# [MATERIALS PROVIDED]
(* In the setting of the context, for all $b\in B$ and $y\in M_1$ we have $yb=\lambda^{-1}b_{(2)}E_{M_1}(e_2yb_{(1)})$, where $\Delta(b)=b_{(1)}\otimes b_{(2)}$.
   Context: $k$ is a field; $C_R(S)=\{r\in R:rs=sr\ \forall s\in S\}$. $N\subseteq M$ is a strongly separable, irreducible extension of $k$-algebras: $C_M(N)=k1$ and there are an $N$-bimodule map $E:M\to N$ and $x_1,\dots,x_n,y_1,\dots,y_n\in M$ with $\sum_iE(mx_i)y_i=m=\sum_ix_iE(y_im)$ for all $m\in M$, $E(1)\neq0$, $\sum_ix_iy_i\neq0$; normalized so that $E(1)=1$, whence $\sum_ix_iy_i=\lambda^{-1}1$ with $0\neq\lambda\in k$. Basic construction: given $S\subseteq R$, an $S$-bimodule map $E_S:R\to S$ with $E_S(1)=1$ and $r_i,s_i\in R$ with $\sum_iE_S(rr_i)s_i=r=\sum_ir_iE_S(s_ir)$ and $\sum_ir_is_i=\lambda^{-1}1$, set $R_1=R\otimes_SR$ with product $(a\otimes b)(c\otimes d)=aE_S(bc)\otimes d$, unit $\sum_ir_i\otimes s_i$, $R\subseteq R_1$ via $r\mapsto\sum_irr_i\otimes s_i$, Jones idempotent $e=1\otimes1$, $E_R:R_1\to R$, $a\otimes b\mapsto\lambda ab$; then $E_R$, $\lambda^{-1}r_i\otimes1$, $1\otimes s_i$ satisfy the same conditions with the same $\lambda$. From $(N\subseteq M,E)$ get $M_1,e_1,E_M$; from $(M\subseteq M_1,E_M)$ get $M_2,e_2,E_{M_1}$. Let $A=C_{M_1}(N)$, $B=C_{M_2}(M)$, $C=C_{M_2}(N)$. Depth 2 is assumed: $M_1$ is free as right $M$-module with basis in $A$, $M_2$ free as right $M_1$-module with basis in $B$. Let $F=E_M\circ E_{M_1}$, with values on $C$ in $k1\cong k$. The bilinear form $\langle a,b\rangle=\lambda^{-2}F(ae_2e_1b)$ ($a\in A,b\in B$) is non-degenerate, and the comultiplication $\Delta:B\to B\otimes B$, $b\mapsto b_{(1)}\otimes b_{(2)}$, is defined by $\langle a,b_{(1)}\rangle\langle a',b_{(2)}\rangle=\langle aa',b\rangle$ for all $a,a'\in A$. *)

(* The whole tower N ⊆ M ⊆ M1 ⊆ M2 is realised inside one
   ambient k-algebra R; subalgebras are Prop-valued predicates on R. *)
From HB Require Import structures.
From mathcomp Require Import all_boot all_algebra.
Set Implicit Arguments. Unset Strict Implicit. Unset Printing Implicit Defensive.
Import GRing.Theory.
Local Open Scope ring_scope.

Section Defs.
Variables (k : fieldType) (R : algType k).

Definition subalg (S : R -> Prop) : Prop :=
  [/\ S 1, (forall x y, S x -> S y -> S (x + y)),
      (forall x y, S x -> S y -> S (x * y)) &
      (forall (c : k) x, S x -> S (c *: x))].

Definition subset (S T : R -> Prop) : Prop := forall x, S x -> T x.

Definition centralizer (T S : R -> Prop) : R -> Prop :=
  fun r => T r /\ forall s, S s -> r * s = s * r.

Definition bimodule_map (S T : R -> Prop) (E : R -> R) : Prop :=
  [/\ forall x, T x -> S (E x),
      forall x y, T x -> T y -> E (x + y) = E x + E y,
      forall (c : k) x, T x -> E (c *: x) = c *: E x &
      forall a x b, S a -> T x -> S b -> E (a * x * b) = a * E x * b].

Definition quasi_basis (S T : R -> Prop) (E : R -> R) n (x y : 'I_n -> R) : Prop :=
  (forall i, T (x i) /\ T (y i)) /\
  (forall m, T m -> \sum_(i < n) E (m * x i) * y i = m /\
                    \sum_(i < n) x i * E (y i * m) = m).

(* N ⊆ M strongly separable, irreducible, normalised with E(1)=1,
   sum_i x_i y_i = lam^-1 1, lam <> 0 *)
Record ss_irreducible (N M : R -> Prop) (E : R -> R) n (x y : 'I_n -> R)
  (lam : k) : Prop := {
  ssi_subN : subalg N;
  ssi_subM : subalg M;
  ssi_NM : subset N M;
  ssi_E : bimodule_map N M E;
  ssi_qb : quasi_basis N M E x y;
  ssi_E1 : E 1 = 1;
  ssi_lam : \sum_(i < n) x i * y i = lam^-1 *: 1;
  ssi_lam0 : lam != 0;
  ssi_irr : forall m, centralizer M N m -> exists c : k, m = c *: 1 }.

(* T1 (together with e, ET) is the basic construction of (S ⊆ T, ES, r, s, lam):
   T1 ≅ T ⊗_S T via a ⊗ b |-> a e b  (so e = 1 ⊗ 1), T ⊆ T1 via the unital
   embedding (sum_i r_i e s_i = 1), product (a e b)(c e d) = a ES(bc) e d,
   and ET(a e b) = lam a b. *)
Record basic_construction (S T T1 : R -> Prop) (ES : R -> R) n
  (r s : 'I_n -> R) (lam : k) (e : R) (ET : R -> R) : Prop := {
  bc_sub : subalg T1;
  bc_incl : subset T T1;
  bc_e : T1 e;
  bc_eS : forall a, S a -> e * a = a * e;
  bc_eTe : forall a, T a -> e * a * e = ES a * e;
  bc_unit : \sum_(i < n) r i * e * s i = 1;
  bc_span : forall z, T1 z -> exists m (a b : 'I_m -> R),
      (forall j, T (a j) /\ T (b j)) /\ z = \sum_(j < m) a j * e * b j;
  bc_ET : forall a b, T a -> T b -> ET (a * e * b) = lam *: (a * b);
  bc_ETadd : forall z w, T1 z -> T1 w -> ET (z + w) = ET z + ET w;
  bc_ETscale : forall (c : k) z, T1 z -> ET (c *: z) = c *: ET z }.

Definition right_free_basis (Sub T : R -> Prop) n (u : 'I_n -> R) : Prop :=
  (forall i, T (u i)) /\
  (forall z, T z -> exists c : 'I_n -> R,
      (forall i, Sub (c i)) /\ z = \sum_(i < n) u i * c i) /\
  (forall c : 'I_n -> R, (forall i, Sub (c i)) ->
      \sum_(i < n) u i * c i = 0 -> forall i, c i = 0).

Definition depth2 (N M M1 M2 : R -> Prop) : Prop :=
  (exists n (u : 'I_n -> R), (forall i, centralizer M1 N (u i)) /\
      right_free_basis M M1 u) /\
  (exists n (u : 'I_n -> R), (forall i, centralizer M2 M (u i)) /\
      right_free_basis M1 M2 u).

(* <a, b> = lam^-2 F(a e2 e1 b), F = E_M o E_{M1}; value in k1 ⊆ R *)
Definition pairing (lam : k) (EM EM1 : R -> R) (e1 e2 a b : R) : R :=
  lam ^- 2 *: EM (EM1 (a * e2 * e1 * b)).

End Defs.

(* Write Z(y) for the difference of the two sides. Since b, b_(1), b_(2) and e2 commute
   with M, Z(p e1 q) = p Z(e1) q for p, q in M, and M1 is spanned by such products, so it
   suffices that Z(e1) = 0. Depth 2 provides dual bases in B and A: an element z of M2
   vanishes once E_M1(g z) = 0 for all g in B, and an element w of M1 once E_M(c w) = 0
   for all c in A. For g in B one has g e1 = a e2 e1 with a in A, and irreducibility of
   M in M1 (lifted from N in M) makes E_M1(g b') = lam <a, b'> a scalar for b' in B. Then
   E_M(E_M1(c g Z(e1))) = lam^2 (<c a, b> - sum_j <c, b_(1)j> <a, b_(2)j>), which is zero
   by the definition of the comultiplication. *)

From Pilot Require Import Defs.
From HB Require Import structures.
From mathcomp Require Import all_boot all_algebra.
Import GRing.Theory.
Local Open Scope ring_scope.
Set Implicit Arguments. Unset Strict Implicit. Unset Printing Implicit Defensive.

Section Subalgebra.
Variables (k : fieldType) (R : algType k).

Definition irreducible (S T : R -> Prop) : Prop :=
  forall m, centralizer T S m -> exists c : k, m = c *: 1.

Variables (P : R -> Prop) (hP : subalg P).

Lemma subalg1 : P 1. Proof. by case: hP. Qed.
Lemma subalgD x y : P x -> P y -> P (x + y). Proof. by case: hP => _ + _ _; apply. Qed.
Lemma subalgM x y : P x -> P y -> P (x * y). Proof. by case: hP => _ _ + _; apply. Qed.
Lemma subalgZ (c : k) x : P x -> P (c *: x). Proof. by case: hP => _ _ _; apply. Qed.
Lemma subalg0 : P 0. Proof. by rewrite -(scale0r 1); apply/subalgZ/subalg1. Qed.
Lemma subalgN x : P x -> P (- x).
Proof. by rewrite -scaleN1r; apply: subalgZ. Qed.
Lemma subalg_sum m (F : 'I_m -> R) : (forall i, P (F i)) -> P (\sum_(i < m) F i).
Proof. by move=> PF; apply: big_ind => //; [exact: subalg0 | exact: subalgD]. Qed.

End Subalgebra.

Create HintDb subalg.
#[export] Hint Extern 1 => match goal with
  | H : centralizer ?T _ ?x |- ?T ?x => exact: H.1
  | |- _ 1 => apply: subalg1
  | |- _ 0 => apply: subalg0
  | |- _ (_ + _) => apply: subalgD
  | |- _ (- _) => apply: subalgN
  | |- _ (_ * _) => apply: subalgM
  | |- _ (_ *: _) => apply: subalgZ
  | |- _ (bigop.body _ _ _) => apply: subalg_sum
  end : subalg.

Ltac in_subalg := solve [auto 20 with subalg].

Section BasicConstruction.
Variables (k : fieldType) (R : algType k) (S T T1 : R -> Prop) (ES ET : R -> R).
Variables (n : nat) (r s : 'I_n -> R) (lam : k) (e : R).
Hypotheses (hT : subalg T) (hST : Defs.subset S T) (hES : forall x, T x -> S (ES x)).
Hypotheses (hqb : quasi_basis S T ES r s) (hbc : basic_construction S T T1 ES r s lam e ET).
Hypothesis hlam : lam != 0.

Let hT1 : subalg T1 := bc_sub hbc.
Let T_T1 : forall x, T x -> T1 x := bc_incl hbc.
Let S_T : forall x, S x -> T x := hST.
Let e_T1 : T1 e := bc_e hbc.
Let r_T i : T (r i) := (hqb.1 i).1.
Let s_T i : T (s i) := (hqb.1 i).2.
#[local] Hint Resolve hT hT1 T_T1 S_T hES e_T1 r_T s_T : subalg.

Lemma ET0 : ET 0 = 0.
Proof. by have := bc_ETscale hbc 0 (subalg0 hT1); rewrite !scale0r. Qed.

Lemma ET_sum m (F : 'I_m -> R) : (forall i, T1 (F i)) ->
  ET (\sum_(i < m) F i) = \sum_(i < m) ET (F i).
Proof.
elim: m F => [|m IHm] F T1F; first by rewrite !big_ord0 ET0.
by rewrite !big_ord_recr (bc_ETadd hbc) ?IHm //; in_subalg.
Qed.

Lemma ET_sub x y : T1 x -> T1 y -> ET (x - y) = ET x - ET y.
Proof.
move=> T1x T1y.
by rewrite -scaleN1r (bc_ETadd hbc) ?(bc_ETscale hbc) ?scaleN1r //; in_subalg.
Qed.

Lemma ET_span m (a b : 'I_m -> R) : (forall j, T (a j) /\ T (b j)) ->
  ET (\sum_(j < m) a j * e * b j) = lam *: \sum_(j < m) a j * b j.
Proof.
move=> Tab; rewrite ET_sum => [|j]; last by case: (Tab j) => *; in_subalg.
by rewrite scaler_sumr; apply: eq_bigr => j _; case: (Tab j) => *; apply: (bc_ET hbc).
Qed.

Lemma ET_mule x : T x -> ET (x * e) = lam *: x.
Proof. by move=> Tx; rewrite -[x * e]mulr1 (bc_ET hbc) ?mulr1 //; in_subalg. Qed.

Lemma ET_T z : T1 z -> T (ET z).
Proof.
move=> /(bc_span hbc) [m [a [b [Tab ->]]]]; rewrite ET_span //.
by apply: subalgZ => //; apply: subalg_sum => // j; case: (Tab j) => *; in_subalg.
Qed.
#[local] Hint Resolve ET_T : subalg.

# [ASSIGNED TASK]
Everything in the material above from the line that has "(* T1 (together" through the line that has "and ET(a e b) = lam a b. *)" must be duplicated exactly, with no other lines given.

# [RESULT OF THIS EXERCISE]
(* T1 (together with e, ET) is the basic construction of (S ⊆ T, ES, r, s, lam):
   T1 ≅ T ⊗_S T via a ⊗ b |-> a e b  (so e = 1 ⊗ 1), T ⊆ T1 via the unital
   embedding (sum_i r_i e s_i = 1), product (a e b)(c e d) = a ES(bc) e d,
   and ET(a e b) = lam a b. *)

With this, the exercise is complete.